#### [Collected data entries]
Lemma det_mx33 (R : comNzRingType) (A : 'M[R]_3) : \det A =
  A 0 0 * A 1 1 * A 2 2 - A 0 0 * A 1 2 * A 2 1 - A 0 1 * A 1 0 * A 2 2
  + A 0 1 * A 1 2 * A 2 0 + A 0 2 * A 1 0 * A 2 1 - A 0 2 * A 1 1 * A 2 0.
Proof.
rewrite (expand_det_row _ 0) !big_ord_recl big_ord0 /cofactor.
rewrite !(expand_det_row _ 0) !big_ord_recl !big_ord0 /cofactor !det_mx11 !mxE /=.
pose a (i j : nat) := A (inord i) (inord j).
have Aa i j : A i j = a i j by rewrite /a !inord_val.
by rewrite !Aa /bump /=; ring.
Qed.

Section Phi6Determinant.
Variables (R : fieldType) (n m : int) (u v c d z w q : R).

(* In Phi6 the summand of s in S_3 is sgn(s) times a product of three factors,
   the i-th depending only on s_i: Phi6 is the determinant of this matrix. *)
Definition phi6_entry (i j : nat) : R :=
  let Z := z / q in let W := w / q in
  match i with
  | 0%N => (u * z) ^+ j * (c / u) ^+ (j == 2)%N
           * (qpoch q q (n - j%:Z))^-1 * (qpoch (Z * W * q) q (m + j%:Z))^-1
  | 1%N => (qpoch (Z * q) q (n - (j%:Z - 1)))^-1 * (qpoch (W * q) q (m + (j%:Z - 1)))^-1
  | _ => (v / d) ^+ (j == 0)%N * (d * w) ^+ (2 - j)
           * (qpoch (Z * W * q) q (n - (j%:Z - 2)))^-1 * (qpoch q q (m + (j%:Z - 2)))^-1
  end.

Lemma Phi6_det : Phi6 n m u v c d z w q = qpoch (z / q * (w / q) * q) q (n + m) *
  \det (\matrix_(i < 3, j < 3) phi6_entry i j).
Proof.
rewrite /determinant mulr_sumr; apply: eq_bigr => s _.
rewrite !big_ord_recl big_ord0 !mxE /sv /=.
have -> : (inord 0 : 'I_3) = ord0 by apply/val_inj; rewrite /= inordK.
have -> : (inord 1 : 'I_3) = lift ord0 ord0 by apply/val_inj; rewrite /= inordK.
have -> : (inord 2 : 'I_3) = lift ord0 (lift ord0 ord0) by apply/val_inj; rewrite /= inordK.
move: (s ord0) (s (lift ord0 ord0)) (s (lift ord0 (lift ord0 ord0))) => j0 j1 j2.
have shift1 x : x.+1%:Z - 1 = x by lia.
have shift2 x : x.+1%:Z - 2 = x%:Z - 1 by lia.
have shift3 x : x.+1%:Z - 3 = x%:Z - 2 by lia.
rewrite /Phiy shift1 shift2 shift3 !eqSS !subSS /= ?subn1 ?subn0 !invfM.
repeat match goal with |- context [qpoch ?x ?y ?k] =>
  let t := fresh "P" in set t := qpoch x y k; clearbody t end.
set sgn := (-1) ^+ _; set wu := (u * z) ^+ _; set wv := (v / d) ^+ _.
set wc := (c / u) ^+ _; set wd := (d * w) ^+ _.
by clearbody sgn wu wv wc wd; ring.
Qed.

End Phi6Determinant.
Arguments phi6_entry {R} n m u v c d z w q i j.

(* The rational functions of X = q^n and Y = q^m that remain once the common
   prefactor is extracted; a stands for zw/q. *)
Section RationalFunctions.
Variables (R : fieldType) (z w q X Y : R).
Local Notation a := (z * w / q).

Definition phi2_ratio : R :=
  (1 - a * X * Y) * (1 - a * X * Y * q) * (1 - a) * (1 - a * q) * (1 - z) * (1 - w)
  / ((1 - z * X) * (1 - a * X) * (1 - a * X * q) * (1 - w * Y) * (1 - a * Y) * (1 - a * Y * q)).

Definition phi4_ratio (u v : R) : R :=
  (1 - a * X * Y) * (1 - a) * (1 - w) / ((1 - a * X) * (1 - w * Y) * (1 - a * Y))
  - u * z * (1 - a * X * Y) * (1 - X) * (1 - a) * (1 - a * q)
    / ((1 - z * X) * (1 - a * X) * (1 - a * Y) * (1 - a * Y * q))
  + u * v * z * w ^+ 2 * (1 - a * X * Y) * (1 - X) * (1 - Y) * (1 - z) * (1 - a)
    / ((1 - a * X) * (1 - a * X * q) * (1 - w * Y) * (1 - a * Y) * (1 - a * Y * q)).

Definition phi6_ratio_entry (u v : R) (i j : nat) : R :=
  match i, j with
  | 0%N, 0%N => 1
  | 0%N, 1%N => u * z * (1 - X) / (1 - a * Y)
  | 0%N, _ => u * z ^+ 2 * (1 - X) * (1 - X / q) / ((1 - a * Y) * (1 - a * Y * q))
  | 1%N, 0%N => (1 - w * Y / q) / (1 - z * X)
  | 1%N, 1%N => 1
  | 1%N, _ => (1 - z * X / q) / (1 - w * Y)
  | _, 0%N => v * w ^+ 2 * (1 - Y) * (1 - Y / q) / ((1 - a * X) * (1 - a * X * q))
  | _, 1%N => w * (1 - Y) / (1 - a * X)
  | _, _ => 1
  end.

End RationalFunctions.
Arguments phi2_ratio {R} z w q X Y.
Arguments phi4_ratio {R} z w q X Y u v.
Arguments phi6_ratio_entry {R} z w q X Y u v i j.

Section Factorization.
Variables (R : fieldType) (n m : int) (z w q : R).
Hypotheses (q_neq0 : q != 0) (q_not_root_of_unity : forall k : int, k != 0 -> q ^ k != 1).
Hypotheses (gz : qgeneric q z) (gw : qgeneric q w) (gzw : qgeneric q (z * w)).
Let ga : qgeneric q (z * w / q) := @qgeneric_divq R q q_neq0 _ gzw.

Definition phi_prefactor : R :=
  qpoch (z * w / q) q (n + m) * (qpoch q q n)^-1 * (qpoch q q m)^-1
  / (qpoch z q n * qpoch w q m * qpoch (z * w / q) q n * qpoch (z * w / q) q m).

Lemma Phi2_factor : Phi2 n m z w q = phi_prefactor * phi2_ratio z w q (q ^ n) (q ^ m).
Proof.
rewrite /Phi2 /phi_prefactor /phi2_ratio (_ : z * w * q = z * w / q * q * q); last by field.
rewrite !invfM; rebase_qpochs q n m.
move: (qpoch q q n)^-1 (qpoch q q m)^-1 => C1 C2.
by field; qfactors_neq0 q.
Qed.

Lemma Phi4_factor u v :
  Phi4 n m u v z w q = phi_prefactor * phi4_ratio z w q (q ^ n) (q ^ m) u v.
Proof.
rewrite /Phi4 /Phi2 /phi_prefactor /phi4_ratio !qpoch2.
rewrite (_ : z / q * q = z); last by field.
rewrite (_ : w / q * q = w); last by field.
rewrite (_ : z / q * w * q = z * w / q * q); last by field.
rewrite (_ : z * q * (w / q) * q = z * w / q * q * q); last by field.
rewrite (_ : z * (w * q) * q = z * w / q * q * q * q); last by field.
rewrite (_ : z * w * q = z * w / q * q * q); last by field.
rewrite !invfM; rebase_qpochs q n m.
move: (qpoch q q n)^-1 (qpoch q q m)^-1 => C1 C2.
by field; qfactors_neq0 q.
Qed.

#### [EXERCISE]
Nothing but a number belongs in the answer: the tally of lines in the data holding "Arguments".

#### [THE ANSWER]
4